What the exercise asks: Reproduce the data below line by line, from its first line to the line with "pose u (k : nat)", both included, and nothing past that point.

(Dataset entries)
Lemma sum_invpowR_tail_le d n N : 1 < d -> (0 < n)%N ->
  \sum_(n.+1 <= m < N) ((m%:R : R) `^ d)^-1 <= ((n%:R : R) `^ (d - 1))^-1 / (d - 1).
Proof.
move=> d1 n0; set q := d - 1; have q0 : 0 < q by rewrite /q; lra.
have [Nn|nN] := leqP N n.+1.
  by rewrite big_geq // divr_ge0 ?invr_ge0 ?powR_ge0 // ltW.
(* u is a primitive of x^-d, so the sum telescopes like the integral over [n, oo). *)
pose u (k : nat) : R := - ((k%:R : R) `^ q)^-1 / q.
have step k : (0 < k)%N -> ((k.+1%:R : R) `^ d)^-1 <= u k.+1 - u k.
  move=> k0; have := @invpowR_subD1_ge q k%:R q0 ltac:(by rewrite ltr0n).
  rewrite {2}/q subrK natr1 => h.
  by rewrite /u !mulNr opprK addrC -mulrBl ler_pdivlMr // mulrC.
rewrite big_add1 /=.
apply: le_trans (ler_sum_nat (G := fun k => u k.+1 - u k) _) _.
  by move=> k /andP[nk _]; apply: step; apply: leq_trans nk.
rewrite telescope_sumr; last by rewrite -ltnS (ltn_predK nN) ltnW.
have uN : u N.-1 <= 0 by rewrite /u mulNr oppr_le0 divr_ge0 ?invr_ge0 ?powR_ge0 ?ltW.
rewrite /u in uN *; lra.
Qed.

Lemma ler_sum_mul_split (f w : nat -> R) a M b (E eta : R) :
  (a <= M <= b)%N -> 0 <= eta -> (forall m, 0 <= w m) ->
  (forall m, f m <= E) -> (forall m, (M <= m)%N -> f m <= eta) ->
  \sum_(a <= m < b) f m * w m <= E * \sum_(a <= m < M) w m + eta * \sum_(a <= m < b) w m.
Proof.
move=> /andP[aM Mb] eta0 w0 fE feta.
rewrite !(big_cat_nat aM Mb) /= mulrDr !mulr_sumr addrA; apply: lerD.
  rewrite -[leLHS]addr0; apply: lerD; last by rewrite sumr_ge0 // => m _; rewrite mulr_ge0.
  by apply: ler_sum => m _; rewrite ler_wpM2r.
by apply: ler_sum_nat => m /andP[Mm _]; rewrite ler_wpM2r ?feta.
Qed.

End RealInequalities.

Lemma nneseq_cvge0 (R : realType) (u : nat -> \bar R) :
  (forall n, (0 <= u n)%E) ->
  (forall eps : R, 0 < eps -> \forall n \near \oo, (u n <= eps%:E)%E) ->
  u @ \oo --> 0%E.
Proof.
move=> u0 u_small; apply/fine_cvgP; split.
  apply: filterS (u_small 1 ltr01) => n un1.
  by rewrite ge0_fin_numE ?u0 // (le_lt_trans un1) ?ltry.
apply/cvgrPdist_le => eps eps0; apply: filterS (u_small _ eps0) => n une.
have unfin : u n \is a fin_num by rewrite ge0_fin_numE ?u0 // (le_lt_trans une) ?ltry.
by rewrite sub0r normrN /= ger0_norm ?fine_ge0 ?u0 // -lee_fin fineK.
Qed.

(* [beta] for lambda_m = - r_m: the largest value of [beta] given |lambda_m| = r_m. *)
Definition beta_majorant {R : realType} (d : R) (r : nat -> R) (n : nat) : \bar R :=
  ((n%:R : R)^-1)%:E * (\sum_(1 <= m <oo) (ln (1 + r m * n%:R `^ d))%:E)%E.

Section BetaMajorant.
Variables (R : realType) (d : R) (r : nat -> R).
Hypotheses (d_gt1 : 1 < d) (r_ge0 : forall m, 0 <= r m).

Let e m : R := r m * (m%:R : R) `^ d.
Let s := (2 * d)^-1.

Written response:
Lemma sum_invpowR_tail_le d n N : 1 < d -> (0 < n)%N ->
  \sum_(n.+1 <= m < N) ((m%:R : R) `^ d)^-1 <= ((n%:R : R) `^ (d - 1))^-1 / (d - 1).
Proof.
move=> d1 n0; set q := d - 1; have q0 : 0 < q by rewrite /q; lra.
have [Nn|nN] := leqP N n.+1.
  by rewrite big_geq // divr_ge0 ?invr_ge0 ?powR_ge0 // ltW.
(* u is a primitive of x^-d, so the sum telescopes like the integral over [n, oo). *)
pose u (k : nat) : R := - ((k%:R : R) `^ q)^-1 / q.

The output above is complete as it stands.